___ Supplied data ___

Lemma walk_prob_S_0 N : walk_prob (S N) 0 = (walk_prob N 0 + walk_prob N 1) / 2.
Proof.
  unfold walk_prob. rewrite central_prob_S. cbn [binom_ratio]. change (INR 0) with 0.
  assert (0 <= INR N) by apply pos_INR. field. lra.
Qed.

Lemma walk_prob_S_S N k :
  walk_prob (S N) (S k) = (walk_prob N k + 2 * walk_prob N (S k) + walk_prob N (S (S k))) / 4.
Proof.
  unfold walk_prob. rewrite central_prob_S, binom_ratio_S_S. cbn [binom_ratio]. rewrite S_INR.
  assert (0 <= INR N) by apply pos_INR. assert (0 <= INR k) by apply pos_INR.
  field. lra.
Qed.

Lemma walk_prob_S_div N k :
  INR (S k) * walk_prob (S N) (S k) / INR (S N) = (walk_prob N k - walk_prob N (S (S k))) / 4.
Proof.
  unfold walk_prob. rewrite central_prob_S, binom_ratio_S_S. cbn [binom_ratio].
  rewrite !S_INR. assert (0 <= INR N) by apply pos_INR. assert (0 <= INR k) by apply pos_INR.
  field. lra.
Qed.

Lemma walk_prob_nonneg N k : 0 <= walk_prob N k.
Proof. apply Rmult_le_pos; [apply central_prob_nonneg | apply binom_ratio_nonneg]. Qed.

Lemma walk_prob_decr N k : walk_prob N (S k) <= walk_prob N k.
Proof.
  apply Rmult_le_compat_l; [apply central_prob_nonneg | apply binom_ratio_S_bounds].
Qed.

Lemma walk_pair_nonneg N k : 0 <= walk_pair N k.
Proof. unfold walk_pair. generalize (walk_prob_nonneg N k) (walk_prob_nonneg N (S k)). lra. Qed.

___

### Your goal
Pull out all lines in the data above that include "apply".

### Answer to this exercise
  assert (0 <= INR N) by apply pos_INR. field. lra.
  assert (0 <= INR N) by apply pos_INR. assert (0 <= INR k) by apply pos_INR.
  rewrite !S_INR. assert (0 <= INR N) by apply pos_INR. assert (0 <= INR k) by apply pos_INR.
Proof. apply Rmult_le_pos; [apply central_prob_nonneg | apply binom_ratio_nonneg]. Qed.
  apply Rmult_le_compat_l; [apply central_prob_nonneg | apply binom_ratio_S_bounds].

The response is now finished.